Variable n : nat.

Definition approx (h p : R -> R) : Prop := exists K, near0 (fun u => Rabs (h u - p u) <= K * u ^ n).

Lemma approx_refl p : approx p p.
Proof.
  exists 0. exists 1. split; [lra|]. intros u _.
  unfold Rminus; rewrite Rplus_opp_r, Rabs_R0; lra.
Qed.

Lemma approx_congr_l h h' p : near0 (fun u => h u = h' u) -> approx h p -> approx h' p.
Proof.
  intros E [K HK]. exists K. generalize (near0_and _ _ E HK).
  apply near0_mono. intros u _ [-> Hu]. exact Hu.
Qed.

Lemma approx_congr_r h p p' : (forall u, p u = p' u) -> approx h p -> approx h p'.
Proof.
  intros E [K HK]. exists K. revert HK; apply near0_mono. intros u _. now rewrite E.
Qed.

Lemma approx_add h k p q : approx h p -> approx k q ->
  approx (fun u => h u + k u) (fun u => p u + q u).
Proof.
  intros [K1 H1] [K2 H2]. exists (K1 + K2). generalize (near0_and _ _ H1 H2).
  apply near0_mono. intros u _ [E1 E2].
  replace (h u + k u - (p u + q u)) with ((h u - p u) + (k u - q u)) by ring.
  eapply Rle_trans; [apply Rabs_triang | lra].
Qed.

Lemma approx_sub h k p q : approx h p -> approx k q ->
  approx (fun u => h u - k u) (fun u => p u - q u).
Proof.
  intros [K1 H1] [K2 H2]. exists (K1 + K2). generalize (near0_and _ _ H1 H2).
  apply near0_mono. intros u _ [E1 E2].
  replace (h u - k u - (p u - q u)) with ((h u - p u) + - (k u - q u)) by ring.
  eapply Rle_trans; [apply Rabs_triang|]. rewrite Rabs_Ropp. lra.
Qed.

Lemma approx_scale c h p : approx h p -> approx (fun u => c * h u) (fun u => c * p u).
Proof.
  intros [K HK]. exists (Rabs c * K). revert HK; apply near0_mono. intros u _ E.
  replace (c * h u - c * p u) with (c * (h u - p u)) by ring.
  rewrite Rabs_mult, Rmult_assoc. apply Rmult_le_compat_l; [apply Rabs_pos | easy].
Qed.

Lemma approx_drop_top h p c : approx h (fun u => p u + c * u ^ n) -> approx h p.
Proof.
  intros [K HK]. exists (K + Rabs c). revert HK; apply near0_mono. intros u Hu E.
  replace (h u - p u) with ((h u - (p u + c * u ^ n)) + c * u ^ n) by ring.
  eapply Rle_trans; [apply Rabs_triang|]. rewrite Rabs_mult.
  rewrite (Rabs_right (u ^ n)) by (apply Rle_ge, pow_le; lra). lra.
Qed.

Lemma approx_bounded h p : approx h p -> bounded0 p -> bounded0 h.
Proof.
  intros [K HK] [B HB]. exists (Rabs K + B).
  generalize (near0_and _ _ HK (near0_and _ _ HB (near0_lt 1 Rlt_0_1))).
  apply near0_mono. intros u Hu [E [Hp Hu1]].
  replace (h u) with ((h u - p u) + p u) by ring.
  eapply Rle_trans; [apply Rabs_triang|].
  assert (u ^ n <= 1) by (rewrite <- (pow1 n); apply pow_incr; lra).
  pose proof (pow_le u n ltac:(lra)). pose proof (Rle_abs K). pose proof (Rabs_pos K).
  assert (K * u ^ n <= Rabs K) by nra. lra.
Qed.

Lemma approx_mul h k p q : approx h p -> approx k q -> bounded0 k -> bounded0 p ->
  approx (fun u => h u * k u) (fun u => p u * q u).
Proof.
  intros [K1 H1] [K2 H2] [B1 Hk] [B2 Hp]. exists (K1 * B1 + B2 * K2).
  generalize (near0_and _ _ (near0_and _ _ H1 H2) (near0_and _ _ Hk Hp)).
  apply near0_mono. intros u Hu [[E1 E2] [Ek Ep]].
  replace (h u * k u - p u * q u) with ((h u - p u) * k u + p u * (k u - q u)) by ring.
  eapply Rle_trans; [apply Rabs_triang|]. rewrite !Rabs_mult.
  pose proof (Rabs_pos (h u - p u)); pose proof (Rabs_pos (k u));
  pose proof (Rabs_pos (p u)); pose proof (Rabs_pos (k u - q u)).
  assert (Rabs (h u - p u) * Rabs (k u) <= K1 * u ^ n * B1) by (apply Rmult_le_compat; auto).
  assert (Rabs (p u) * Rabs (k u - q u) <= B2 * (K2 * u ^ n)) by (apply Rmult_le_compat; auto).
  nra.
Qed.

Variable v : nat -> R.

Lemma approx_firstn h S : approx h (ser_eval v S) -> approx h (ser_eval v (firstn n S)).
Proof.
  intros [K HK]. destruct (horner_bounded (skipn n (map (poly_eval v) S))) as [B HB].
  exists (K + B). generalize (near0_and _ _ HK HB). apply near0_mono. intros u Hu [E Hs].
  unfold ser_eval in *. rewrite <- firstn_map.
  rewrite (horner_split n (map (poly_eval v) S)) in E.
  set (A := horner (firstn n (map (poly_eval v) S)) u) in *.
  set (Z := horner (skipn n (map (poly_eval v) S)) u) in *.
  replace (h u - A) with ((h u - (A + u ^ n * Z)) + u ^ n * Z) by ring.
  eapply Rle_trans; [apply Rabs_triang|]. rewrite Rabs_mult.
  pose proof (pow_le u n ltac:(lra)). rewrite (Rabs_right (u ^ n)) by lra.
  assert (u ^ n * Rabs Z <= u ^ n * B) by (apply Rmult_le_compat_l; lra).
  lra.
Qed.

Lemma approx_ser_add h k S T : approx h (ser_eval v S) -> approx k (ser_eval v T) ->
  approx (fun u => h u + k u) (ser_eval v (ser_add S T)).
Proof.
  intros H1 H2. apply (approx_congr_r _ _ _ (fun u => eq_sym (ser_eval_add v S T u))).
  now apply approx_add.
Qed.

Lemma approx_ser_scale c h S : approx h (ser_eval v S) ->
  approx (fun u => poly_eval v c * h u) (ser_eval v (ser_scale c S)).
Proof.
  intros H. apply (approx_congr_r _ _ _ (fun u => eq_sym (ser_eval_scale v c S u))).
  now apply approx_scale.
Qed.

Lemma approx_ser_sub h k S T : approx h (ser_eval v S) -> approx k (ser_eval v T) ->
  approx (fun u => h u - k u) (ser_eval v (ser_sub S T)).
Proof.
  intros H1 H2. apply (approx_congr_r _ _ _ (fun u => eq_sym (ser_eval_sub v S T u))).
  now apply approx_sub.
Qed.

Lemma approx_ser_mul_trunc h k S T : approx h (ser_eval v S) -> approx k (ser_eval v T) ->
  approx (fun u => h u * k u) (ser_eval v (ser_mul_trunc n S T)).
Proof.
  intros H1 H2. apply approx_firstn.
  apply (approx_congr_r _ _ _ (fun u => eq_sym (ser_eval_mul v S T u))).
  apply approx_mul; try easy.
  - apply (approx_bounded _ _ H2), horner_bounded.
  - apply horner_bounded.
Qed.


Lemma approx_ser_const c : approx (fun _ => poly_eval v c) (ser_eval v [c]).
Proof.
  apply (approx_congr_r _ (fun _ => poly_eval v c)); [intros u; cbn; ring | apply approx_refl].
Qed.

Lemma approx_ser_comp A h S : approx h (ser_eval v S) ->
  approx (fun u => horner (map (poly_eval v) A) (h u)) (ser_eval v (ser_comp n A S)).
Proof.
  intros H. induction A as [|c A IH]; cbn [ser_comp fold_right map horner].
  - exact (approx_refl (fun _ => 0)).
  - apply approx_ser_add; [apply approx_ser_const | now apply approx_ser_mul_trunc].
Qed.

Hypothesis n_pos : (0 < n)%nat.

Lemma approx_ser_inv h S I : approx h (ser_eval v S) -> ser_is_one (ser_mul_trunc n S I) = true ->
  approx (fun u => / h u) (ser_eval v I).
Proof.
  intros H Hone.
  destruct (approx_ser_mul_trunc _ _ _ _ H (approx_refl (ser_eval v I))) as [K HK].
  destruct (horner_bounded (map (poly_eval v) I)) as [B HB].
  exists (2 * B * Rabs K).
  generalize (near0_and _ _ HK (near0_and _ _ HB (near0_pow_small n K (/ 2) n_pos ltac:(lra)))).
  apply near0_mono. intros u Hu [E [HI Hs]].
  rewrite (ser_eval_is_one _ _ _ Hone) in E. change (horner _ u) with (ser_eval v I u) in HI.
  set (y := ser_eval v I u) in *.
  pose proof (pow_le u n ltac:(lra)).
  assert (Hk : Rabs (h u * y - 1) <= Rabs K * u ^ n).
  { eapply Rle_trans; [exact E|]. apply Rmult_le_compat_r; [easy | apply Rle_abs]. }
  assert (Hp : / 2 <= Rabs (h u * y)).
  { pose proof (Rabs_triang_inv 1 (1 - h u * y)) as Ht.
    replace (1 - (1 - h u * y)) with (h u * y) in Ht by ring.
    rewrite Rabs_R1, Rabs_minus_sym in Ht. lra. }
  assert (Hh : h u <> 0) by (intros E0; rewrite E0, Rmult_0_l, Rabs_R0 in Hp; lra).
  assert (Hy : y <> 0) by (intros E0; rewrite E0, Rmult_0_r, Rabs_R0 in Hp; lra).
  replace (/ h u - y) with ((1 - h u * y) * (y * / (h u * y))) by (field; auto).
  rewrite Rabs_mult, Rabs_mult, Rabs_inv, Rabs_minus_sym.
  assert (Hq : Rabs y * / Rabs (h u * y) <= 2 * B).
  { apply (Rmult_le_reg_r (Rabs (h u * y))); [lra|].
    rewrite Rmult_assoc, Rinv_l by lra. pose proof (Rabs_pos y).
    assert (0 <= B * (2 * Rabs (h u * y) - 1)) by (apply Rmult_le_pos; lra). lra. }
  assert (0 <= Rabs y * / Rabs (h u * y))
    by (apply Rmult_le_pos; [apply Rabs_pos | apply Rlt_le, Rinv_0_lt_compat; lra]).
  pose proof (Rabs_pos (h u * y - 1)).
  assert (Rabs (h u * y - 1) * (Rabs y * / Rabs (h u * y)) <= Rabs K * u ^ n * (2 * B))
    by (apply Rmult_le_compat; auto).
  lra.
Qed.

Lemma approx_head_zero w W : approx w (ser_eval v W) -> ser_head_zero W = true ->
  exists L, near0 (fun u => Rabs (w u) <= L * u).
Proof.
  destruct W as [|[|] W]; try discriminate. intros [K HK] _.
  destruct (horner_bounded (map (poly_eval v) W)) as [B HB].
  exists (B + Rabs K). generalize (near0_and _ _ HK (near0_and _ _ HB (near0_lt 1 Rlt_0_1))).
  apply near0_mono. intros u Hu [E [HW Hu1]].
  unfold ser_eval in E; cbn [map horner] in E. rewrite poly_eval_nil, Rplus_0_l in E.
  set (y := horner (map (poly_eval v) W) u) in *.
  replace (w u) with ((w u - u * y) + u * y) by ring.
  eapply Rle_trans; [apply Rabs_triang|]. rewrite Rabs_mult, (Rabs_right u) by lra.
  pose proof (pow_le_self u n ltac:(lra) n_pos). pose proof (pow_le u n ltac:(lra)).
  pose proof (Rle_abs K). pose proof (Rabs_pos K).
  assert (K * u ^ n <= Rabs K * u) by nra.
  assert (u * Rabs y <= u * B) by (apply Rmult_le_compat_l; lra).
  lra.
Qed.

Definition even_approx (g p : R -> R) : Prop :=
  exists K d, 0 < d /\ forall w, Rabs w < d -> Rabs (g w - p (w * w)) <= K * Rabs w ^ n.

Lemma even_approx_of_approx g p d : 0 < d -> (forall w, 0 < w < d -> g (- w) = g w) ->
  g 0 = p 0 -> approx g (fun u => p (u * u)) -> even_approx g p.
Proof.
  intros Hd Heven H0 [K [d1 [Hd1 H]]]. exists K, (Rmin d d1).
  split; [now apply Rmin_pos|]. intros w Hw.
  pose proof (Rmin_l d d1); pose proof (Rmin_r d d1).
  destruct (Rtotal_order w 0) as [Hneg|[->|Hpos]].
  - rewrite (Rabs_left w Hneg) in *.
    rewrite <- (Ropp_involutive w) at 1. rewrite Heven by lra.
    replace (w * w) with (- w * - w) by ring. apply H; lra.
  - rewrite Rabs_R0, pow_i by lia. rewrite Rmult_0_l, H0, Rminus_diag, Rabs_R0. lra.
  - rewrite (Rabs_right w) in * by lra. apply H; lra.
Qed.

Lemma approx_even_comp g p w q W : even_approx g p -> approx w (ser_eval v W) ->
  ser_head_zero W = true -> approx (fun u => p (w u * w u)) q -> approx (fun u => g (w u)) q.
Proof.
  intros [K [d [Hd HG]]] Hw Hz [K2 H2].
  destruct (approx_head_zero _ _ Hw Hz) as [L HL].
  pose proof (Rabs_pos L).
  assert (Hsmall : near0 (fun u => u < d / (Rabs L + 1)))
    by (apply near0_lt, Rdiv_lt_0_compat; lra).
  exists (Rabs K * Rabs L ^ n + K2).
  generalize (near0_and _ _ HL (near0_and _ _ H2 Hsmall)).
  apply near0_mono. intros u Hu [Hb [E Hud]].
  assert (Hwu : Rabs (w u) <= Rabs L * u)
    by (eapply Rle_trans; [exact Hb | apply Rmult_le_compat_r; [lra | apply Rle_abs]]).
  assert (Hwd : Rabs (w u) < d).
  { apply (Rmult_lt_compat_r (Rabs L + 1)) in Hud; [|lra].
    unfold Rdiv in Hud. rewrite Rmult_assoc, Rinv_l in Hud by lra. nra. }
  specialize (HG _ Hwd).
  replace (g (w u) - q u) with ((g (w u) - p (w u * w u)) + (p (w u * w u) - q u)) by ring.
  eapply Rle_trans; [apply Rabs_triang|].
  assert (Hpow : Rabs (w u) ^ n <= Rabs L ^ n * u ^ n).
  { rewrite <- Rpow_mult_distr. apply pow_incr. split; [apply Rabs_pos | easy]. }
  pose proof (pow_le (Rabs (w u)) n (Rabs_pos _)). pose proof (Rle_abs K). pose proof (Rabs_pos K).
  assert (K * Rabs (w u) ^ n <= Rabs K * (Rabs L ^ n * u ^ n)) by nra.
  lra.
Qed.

◇ ◇ ◇ ◇ ◇ ◇ ◇

### ABOUT THIS EXERCISE
Repeat, word for word, the lines above between the line holding "apply near0_mono. intros u Hu [Hb [E Hud]]." and the line holding "replace (g (w", inclusive; omit everything else.

### EXPECTED OUTPUT
  apply near0_mono. intros u Hu [Hb [E Hud]].
  assert (Hwu : Rabs (w u) <= Rabs L * u)
    by (eapply Rle_trans; [exact Hb | apply Rmult_le_compat_r; [lra | apply Rle_abs]]).
  assert (Hwd : Rabs (w u) < d).
  { apply (Rmult_lt_compat_r (Rabs L + 1)) in Hud; [|lra].
    unfold Rdiv in Hud. rewrite Rmult_assoc, Rinv_l in Hud by lra. nra. }
  specialize (HG _ Hwd).
  replace (g (w u) - q u) with ((g (w u) - p (w u * w u)) + (p (w u * w u) - q u)) by ring.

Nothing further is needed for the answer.